= Beginning of Section =

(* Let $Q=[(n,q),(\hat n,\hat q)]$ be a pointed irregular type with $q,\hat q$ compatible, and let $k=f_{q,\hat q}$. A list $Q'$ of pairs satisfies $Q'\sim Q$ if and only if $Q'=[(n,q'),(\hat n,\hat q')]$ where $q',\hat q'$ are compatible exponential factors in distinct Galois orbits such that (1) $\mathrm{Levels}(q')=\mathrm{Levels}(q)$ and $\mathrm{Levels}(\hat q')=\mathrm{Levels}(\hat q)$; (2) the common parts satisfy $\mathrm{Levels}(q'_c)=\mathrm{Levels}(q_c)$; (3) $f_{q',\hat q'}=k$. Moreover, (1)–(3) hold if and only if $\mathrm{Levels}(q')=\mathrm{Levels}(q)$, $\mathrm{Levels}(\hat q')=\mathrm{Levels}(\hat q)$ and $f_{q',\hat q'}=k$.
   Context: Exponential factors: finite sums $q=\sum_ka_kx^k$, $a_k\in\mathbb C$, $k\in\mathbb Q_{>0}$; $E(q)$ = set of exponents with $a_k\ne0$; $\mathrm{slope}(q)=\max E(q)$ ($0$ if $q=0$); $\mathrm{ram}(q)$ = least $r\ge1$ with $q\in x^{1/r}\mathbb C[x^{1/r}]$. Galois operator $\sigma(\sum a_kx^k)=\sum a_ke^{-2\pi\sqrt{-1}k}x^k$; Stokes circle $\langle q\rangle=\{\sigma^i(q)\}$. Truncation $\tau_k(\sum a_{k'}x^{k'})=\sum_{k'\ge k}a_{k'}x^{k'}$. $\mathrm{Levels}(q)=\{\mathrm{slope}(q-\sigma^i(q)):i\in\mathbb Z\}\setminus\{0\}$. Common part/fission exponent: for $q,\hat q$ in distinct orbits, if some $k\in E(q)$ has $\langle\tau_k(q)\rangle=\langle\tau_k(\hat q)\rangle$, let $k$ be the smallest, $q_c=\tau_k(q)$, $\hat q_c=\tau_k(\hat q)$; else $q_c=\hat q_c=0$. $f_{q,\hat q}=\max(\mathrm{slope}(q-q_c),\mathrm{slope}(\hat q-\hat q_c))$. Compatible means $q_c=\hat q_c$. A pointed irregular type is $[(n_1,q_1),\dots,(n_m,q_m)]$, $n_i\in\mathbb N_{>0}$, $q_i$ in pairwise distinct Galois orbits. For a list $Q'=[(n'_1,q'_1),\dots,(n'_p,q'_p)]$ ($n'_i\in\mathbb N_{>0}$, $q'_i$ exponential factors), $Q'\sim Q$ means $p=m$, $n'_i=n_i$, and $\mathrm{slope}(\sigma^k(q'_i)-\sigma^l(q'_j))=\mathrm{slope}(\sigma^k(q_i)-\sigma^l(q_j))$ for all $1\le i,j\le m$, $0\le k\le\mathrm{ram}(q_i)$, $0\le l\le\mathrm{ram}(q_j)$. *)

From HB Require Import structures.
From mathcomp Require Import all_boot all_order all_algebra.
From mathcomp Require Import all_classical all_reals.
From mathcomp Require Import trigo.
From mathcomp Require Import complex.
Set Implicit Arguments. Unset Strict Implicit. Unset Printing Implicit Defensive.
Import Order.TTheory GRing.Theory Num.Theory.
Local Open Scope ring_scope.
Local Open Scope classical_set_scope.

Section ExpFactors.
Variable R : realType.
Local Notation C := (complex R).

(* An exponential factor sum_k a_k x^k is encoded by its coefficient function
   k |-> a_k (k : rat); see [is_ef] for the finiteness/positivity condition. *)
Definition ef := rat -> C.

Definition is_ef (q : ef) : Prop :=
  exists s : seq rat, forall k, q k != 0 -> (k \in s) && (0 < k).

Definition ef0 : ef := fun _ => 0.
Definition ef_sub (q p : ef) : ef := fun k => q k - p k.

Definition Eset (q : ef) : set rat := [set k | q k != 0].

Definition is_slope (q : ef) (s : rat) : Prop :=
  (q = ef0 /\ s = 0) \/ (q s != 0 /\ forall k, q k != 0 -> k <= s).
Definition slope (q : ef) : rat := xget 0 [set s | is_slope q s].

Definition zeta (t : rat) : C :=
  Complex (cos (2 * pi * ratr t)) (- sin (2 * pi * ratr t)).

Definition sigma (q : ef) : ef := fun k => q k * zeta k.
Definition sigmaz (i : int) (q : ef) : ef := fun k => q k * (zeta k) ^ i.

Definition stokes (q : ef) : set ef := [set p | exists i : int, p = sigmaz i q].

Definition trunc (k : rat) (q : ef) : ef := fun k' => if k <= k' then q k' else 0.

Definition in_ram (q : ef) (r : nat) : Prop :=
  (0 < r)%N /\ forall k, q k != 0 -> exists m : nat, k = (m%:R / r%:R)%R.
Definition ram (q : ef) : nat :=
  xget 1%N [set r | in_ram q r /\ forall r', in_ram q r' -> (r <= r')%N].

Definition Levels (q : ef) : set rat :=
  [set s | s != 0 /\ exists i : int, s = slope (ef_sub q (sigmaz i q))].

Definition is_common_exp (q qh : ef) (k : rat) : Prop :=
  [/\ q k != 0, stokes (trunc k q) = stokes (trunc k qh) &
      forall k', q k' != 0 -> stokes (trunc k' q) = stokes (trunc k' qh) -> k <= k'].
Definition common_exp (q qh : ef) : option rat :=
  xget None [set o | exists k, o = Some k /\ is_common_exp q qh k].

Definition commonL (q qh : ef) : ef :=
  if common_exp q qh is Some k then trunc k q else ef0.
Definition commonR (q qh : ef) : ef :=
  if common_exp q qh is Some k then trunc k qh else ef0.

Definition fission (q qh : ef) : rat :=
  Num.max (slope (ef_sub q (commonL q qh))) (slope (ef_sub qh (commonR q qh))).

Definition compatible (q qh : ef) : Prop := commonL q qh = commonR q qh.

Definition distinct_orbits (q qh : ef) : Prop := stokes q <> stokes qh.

= End of Section =

### What the task requires
Can you quote exactly the lines from the one containing "Num.max (slope (ef_sub" through the last line of the records above, and nothing else?

### Written answer
  Num.max (slope (ef_sub q (commonL q qh))) (slope (ef_sub qh (commonR q qh))).

Definition compatible (q qh : ef) : Prop := commonL q qh = commonR q qh.

Definition distinct_orbits (q qh : ef) : Prop := stokes q <> stokes qh.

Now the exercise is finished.